Problem to solve: The required output is the line with "Lemma below_top u" and each line that follows it to the end of the entries below, copied exactly and with nothing added.

Dataset entries:
══════════

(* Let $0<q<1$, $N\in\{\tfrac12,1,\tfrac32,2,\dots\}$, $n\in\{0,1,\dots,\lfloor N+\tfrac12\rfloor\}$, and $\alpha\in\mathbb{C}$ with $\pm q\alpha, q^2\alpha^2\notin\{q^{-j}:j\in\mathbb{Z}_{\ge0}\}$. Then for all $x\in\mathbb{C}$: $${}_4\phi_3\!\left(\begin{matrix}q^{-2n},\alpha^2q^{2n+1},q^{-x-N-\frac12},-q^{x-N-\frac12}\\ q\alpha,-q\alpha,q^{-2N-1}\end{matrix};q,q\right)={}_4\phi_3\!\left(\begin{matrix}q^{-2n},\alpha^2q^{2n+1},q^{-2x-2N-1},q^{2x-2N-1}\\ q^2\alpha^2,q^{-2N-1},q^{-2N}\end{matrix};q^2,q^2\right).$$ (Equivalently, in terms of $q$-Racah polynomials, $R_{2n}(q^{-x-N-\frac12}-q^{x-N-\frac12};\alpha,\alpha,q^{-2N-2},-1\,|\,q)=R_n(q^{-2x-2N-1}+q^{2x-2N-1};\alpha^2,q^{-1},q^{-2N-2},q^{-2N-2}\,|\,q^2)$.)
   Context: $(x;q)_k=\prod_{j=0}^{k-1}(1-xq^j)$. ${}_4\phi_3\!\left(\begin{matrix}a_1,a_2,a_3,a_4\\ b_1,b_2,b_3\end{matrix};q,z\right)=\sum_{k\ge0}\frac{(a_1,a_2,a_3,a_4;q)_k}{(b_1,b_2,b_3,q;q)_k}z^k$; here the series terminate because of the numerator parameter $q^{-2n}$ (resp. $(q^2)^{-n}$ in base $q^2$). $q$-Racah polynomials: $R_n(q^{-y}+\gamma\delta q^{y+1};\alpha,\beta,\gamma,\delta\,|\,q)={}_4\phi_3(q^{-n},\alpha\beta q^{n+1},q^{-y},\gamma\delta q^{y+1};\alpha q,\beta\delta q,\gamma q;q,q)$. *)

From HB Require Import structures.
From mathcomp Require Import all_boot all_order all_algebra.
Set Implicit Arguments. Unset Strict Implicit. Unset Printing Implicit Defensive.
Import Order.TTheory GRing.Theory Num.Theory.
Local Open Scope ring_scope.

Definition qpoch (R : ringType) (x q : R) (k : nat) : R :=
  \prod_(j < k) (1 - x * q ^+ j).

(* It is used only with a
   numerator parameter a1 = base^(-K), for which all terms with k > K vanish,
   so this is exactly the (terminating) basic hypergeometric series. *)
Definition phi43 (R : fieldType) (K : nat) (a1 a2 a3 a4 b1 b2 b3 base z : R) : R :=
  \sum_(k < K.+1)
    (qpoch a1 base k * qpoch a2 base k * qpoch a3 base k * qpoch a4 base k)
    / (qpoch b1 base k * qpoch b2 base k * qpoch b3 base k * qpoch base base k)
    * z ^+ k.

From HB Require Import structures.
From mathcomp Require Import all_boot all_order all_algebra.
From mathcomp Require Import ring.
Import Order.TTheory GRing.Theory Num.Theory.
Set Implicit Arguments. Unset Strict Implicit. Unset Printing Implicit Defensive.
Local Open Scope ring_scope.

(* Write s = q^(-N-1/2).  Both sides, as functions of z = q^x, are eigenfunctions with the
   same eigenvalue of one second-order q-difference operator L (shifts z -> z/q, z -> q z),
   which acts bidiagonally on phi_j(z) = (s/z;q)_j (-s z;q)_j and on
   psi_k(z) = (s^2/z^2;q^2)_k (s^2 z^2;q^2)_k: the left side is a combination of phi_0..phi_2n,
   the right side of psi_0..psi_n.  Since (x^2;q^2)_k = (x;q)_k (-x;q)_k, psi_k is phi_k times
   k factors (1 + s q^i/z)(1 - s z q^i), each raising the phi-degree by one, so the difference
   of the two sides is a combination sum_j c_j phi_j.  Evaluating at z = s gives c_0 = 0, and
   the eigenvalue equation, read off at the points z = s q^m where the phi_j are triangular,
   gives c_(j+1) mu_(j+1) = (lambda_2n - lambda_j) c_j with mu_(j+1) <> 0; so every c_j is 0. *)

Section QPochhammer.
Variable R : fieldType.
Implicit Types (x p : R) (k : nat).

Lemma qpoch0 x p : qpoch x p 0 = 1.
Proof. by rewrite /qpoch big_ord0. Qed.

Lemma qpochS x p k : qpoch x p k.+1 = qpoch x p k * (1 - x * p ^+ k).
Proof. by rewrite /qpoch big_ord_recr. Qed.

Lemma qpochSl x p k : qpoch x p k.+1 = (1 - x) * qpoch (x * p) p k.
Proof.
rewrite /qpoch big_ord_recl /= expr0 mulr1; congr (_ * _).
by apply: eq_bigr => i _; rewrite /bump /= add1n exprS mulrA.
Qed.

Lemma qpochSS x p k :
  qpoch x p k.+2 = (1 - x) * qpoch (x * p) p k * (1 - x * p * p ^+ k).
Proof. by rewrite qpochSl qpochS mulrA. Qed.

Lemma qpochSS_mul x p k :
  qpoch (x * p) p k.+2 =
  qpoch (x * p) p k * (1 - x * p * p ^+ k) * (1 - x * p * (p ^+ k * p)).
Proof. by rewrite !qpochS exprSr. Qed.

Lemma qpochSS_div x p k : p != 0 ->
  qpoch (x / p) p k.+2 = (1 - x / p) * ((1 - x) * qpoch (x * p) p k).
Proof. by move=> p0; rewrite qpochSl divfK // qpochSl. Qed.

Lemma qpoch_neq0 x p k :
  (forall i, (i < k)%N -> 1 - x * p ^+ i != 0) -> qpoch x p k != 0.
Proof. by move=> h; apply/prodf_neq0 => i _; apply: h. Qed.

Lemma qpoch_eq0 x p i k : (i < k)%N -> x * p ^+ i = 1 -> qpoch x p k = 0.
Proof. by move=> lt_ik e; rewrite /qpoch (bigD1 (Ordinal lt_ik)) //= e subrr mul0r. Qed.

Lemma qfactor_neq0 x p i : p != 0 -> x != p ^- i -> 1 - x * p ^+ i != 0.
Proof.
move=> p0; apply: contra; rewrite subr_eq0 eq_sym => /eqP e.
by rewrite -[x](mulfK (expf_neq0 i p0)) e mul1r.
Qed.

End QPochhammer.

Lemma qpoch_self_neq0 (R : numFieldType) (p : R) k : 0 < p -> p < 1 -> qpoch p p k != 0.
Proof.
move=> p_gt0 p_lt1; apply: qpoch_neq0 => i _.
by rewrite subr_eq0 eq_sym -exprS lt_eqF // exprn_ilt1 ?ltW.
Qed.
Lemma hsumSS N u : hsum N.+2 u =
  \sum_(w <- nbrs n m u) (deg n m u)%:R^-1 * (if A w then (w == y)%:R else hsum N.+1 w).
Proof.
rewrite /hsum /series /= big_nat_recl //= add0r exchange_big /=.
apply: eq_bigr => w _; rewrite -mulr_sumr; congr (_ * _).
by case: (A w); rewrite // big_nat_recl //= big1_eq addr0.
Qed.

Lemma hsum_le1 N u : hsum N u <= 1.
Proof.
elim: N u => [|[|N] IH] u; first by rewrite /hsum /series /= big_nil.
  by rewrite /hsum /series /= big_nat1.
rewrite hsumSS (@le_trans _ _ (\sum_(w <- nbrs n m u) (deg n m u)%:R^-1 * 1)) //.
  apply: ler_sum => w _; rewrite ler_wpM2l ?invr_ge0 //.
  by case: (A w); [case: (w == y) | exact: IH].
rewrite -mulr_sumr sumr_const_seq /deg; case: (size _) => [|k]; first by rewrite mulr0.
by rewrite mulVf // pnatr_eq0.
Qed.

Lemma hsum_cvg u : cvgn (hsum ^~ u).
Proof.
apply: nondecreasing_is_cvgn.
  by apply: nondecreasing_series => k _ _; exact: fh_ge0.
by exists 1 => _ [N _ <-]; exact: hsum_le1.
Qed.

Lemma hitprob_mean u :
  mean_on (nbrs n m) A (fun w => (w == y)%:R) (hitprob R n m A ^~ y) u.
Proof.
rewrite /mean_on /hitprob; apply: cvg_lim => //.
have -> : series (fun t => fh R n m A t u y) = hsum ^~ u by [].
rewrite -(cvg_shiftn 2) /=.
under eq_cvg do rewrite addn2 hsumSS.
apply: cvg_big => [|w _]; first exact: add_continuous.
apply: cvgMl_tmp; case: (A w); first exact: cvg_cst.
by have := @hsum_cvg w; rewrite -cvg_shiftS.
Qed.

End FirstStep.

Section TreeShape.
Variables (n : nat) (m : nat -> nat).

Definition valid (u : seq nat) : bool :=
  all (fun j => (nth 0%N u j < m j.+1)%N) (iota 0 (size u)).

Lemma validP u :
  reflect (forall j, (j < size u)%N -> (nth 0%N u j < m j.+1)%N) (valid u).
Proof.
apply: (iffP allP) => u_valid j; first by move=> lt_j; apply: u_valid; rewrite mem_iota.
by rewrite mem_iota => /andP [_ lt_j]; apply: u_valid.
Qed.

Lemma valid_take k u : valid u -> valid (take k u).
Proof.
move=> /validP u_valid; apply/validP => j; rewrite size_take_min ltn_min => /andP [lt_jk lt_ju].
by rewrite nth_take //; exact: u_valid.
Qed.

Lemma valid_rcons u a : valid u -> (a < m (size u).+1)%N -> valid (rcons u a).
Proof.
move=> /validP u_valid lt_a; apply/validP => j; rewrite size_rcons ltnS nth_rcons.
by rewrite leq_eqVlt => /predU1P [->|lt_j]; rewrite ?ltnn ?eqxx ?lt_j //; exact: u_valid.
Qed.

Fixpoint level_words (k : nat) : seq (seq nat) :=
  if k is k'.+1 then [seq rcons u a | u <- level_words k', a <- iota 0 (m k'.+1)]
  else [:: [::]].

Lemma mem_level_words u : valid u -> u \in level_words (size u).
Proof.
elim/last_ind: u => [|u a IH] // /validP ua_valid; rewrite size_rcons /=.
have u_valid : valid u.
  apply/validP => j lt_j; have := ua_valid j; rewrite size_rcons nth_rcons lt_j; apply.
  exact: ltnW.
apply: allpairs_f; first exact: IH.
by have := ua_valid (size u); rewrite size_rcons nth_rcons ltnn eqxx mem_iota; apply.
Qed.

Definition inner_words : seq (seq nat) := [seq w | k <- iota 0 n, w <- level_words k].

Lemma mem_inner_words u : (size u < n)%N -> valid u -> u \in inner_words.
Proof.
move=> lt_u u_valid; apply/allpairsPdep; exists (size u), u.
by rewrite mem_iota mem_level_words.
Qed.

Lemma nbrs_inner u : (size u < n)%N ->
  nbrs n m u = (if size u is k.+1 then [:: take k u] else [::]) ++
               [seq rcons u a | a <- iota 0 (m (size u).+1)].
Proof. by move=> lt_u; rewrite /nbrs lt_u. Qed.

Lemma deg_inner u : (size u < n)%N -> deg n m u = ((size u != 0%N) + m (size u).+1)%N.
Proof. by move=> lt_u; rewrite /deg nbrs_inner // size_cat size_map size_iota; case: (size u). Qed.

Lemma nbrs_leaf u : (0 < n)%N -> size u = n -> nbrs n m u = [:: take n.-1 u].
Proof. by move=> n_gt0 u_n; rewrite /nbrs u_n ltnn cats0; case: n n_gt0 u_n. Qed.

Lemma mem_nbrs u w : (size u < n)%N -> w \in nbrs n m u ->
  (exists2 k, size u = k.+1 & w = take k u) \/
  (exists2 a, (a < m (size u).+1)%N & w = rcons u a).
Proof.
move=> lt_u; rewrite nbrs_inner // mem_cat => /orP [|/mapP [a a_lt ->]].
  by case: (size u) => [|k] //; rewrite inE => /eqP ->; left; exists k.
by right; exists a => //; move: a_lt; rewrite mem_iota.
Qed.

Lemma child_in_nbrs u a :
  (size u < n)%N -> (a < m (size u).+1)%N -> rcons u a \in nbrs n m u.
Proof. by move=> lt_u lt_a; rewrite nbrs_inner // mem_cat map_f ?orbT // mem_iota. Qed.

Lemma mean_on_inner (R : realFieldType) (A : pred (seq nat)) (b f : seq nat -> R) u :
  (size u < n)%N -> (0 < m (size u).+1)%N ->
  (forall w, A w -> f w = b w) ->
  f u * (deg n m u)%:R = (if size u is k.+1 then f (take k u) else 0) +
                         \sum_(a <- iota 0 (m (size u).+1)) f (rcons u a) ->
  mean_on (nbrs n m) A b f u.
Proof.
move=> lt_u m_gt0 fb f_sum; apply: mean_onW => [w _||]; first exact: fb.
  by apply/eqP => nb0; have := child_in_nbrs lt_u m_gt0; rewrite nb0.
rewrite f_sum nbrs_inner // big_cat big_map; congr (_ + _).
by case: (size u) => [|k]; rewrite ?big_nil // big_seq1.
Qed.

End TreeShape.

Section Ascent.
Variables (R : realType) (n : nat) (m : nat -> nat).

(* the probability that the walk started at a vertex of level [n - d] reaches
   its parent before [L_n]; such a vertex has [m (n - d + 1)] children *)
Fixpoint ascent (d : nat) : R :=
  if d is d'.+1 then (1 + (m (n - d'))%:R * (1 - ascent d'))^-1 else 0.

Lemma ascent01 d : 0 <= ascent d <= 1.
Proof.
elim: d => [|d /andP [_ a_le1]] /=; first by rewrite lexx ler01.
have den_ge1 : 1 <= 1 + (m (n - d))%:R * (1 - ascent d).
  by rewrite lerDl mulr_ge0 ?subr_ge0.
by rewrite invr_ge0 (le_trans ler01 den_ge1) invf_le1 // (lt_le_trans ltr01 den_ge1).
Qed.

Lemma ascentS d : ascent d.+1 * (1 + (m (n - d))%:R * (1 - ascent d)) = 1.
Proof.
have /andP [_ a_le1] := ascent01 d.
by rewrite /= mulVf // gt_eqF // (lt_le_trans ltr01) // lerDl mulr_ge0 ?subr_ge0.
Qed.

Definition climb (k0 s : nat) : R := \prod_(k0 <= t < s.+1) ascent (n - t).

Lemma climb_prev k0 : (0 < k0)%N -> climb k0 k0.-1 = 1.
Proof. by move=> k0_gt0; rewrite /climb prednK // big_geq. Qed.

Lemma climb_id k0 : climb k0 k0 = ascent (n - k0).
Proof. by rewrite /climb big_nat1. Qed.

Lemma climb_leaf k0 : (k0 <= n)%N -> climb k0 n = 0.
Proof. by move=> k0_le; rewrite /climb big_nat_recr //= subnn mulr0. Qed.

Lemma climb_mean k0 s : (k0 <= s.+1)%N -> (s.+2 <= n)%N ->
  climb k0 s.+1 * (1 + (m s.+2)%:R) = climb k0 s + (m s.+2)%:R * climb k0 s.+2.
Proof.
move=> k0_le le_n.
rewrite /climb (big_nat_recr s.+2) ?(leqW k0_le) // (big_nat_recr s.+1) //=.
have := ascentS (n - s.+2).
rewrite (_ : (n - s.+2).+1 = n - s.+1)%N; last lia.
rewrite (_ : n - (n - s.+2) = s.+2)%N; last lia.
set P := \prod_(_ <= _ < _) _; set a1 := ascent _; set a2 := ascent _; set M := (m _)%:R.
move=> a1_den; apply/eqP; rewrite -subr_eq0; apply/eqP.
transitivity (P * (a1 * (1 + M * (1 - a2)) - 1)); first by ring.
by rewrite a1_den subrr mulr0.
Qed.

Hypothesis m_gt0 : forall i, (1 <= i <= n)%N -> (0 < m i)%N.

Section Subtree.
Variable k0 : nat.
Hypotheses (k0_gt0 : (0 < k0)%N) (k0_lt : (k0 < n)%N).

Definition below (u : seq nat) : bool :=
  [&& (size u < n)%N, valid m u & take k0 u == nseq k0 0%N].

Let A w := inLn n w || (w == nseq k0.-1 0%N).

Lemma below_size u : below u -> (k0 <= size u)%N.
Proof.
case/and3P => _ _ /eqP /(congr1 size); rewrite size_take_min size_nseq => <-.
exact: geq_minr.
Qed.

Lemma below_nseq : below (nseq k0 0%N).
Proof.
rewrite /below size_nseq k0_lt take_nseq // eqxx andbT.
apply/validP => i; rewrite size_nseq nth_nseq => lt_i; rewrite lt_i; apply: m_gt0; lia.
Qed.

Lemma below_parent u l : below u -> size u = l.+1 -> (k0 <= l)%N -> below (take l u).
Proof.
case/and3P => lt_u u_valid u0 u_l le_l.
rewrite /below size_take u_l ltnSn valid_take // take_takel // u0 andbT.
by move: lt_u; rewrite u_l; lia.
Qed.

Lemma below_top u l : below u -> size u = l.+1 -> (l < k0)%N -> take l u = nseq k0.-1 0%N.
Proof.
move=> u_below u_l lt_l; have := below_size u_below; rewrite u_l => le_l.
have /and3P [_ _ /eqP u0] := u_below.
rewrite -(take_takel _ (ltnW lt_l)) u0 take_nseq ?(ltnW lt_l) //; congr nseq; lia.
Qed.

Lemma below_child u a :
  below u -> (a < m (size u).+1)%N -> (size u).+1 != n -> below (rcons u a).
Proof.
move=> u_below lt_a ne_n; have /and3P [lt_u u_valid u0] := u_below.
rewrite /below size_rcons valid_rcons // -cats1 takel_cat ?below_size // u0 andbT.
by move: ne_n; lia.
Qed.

══════════

Response to the exercise:
Lemma below_top u l : below u -> size u = l.+1 -> (l < k0)%N -> take l u = nseq k0.-1 0%N.
Proof.
move=> u_below u_l lt_l; have := below_size u_below; rewrite u_l => le_l.
have /and3P [_ _ /eqP u0] := u_below.
rewrite -(take_takel _ (ltnW lt_l)) u0 take_nseq ?(ltnW lt_l) //; congr nseq; lia.
Qed.

Lemma below_child u a :
  below u -> (a < m (size u).+1)%N -> (size u).+1 != n -> below (rcons u a).
Proof.
move=> u_below lt_a ne_n; have /and3P [lt_u u_valid u0] := u_below.
rewrite /below size_rcons valid_rcons // -cats1 takel_cat ?below_size // u0 andbT.
by move: ne_n; lia.
Qed.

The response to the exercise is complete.